Monday, July 22, 2019

Nowhere To Hide


[Below is just the beginning of this long article but it's a worthwhile read. I usually don't post these articles because they usually miss many points (as this one does) and fails to make the point convincingly enough. As stated before, the definitive book on the gathering up is "Maranatha, Our Lord Comes" by Renald Showers.]




Nowhere to Hide: Part II

By
 Pete Garcia
 



Perhaps you’re a Christian, but you think the Pre-Tribulation Rapture is all a bunch of warm hooey. It is an escapist eschatology; built specifically for weak-spined western Christians who are afraid of a little persecution. You frequently tell anyone who will listen, that the word “rapture” is not even in the Bible. You say the “rapture” was a theological scheme created out of thin air by that evil dispensationalist John N. Darby 150 years ago. And even he didn’t invent it you say matter-of-factly, but stole the idea from a teenage Scottish girl. Perhaps you think we are already in the Tribulation, and times are looking bleak for America (see Part I). You say it is time for us Christians dig in, get our hands dirty, and fight for what we believe in when another civil war comes. It is time for Christian’s to get our “big boy” pants on and take a stand.


I suppose it is the height of both irony and hypocrisy that a professing Christian would hate the idea that their Savior could return sooner rather than later. Essentially, that is what those who despise the Pre-Tribulation Rapture are guilty of, turning the blessed hope (Titus 2:13) into a joke or a byword. Of course, most would never admit to such a thing. They will claim some moral or theological high ground of outing false theology or having to prove our salvation through tribulation.

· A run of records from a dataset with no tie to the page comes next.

(* Let $X$ be a uniform space with base point $x_0$. The end-point projection $\pi_X\colon\widetilde X\to X$ is a uniform covering map if and only if $X$ is a uniform Poincar\'e space.
   Context: $B(x,E)=\{y:(x,y)\in E\}$, $f(E)=\{(f(x),f(y)):(x,y)\in E\}$. $\widetilde X$ is the set of homotopy classes rel. end-points of paths in $X$ starting at $x_0$, $\pi_X([\alpha])=\alpha(1)$, with the basic uniform structure whose base consists of the sets $E^\ast$ of pairs $([\alpha],[\beta])$ such that $\alpha^{-1}\ast\beta$ is homotopic rel. end-points to a path in some $B(z,E)$. A surjection $f$ generates the uniform structure on its range if the sets $f(E)$ form a base of it. The Rips complex $R(X,E)$ has vertex set $X$ and simplices the finite $F$ with $F\times F\subset E$; $f$ is a uniform covering map if it generates the uniform structure on its range and the entourages $E$ for which the induced simplicial map $f_E\colon R(X,E)\to R(Y,f(E))$ is a topological covering map form a base. $X$ is a uniform Poincar\'e space if it is path-connected, uniformly locally path-connected (for each entourage $E$ there is an entourage $F$ such that for all $x$ any two points of $B(x,F)$ are joined by a path in $B(x,E)$) and uniformly semi-locally simply connected (there is an entourage $F$ such that for every $x\in X$ every loop in $B(x,F)$ at $x$ is null-homotopic in $X$). *)

From Stdlib Require Import Reals List ClassicalEpsilon.
Import ListNotations.
Open Scope R_scope.


Record UniformSpace := {
  us_car :> Type;
  ent : (us_car -> us_car -> Prop) -> Prop;
  ent_full : ent (fun _ _ => True);
  ent_mono : forall E F, ent E -> (forall x y, E x y -> F x y) -> ent F;
  ent_inter : forall E F, ent E -> ent F -> ent (fun x y => E x y /\ F x y);
  ent_refl : forall E, ent E -> forall x, E x x;
  ent_sym : forall E, ent E -> ent (fun x y => E y x);
  ent_comp : forall E, ent E ->
     exists F, ent F /\ forall x y z, F x y -> F y z -> E x z
}.

Definition ball {A : Type} (x : A) (E : A -> A -> Prop) : A -> Prop := fun y => E x y.

Definition rel_image {A B : Type} (f : A -> B) (E : A -> A -> Prop) : B -> B -> Prop :=
  fun y1 y2 => exists a b, E a b /\ f a = y1 /\ f b = y2.

(** * Paths, represented as functions R -> X of which only the values on
      [0,1] matter *)
Definition I01 (t : R) : Prop := 0 <= t <= 1.
(* Let $\Gamma$ be a finite simplicial graph and let $v_1,v_2,v_3$ be three consecutive vertices of a path in $\Gamma$ with $d(v_1,v_3)=2$. Let $f$ be a conjugating automorphism of $A_\Gamma$ with $f(v_1)=v_1$. Then $f(v_2)$ is represented by a reduced word $wv_2w^{-1}$ with $w\in\langle\mathrm{lk}(v_1)\rangle$, and $f(v_3)$ is represented by a reduced word $xyv_3y^{-1}x^{-1}$ with $x\in\langle\mathrm{lk}(v_1)\rangle$ and $y\in\langle\mathrm{st}(v_2)\rangle$.
   Context: $A_\Gamma$ is the right-angled Artin group with generators $V\Gamma$ and relations $[a,b]=1$ for edges $\{a,b\}$. $\mathrm{lk}(v)$ is the subgraph induced by the neighbours of $v$, $\mathrm{st}(v)$ that induced by $\mathrm{lk}(v)\cup\{v\}$, and for a subgraph $S$, $\langle S\rangle$ is the subgroup generated by its vertices. A word is reduced if it has minimal length among words representing the same element. An automorphism is conjugating if it maps each vertex generator to a conjugate of itself. *)

From mathcomp Require Import all_boot.
From Stdlib Require Import Relations.Relation_Operators.
Set Implicit Arguments. Unset Strict Implicit. Unset Printing Implicit Defensive.

Section RAAG.
Variables (T : finType) (e : rel T).

(* a letter (v, true) is the generator v, (v, false) is v^{-1} *)
Definition letter := (T * bool)%type.
Definition word := seq letter.

Definition linv (a : letter) : letter := (a.1, ~~ a.2).
Definition winv (w : word) : word := rev (map linv w).
Definition gen (v : T) : word := [:: (v, true)].

Inductive raag_step : word -> word -> Prop :=
| step_cancel u v a : raag_step (u ++ [:: a; linv a] ++ v) (u ++ v)
| step_comm u v a b : e a.1 b.1 -> raag_step (u ++ [:: a; b] ++ v) (u ++ [:: b; a] ++ v).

However, is that really true? 
I for one, cannot see how it could be, especially given the fact we all have Bibles and could sit down together and go through these issues line by line, chapter by chapter, and book by book to see if what we believe actually passes the theological smell test. So what is it then? Why so much angst against a biblical doctrine that shows irrefutably, that Christ will return again for His Church before the 70th Week begins. Why are certain eschatological views hell-bent (literally) on putting the Church (ekklesia) inside the 70th Week of Daniel? There are a few reasons I can think of:
1. Inheriting bad hermeneutics
The practice of bad hermeneutics (or how one interprets scripture), began in earnest with Origen (circa 200AD) and his application of allegory to Scripture. His approach was later passed on to Augustine (circa 400AD). Augustine’s teachings were later incorporated into the Roman Catholic Church doctrine and dogma (500AD – Present). The allegorical approach became the default position (especially regarding eschatology), which was carried into and through the Protestant Reformation (1517 – Present). The allegorical approach was distributed throughout the mainline protestant denominations for the next three centuries.
However, mainline Protestants began protesting again, but this time, against the inherited corrupted RCC form of hermeneutics at the end of the 18th-century and early 19th-century. They returned to a literal, grammatical, and historical understanding of all Biblical doctrines, not just soteriology. This subsequently, resulted in rediscovering dispensationalism, which concludes the Church Age with the Pre-Tribulation (Pre-70th Week) Rapture (harpazo) of the Church (ekklesia).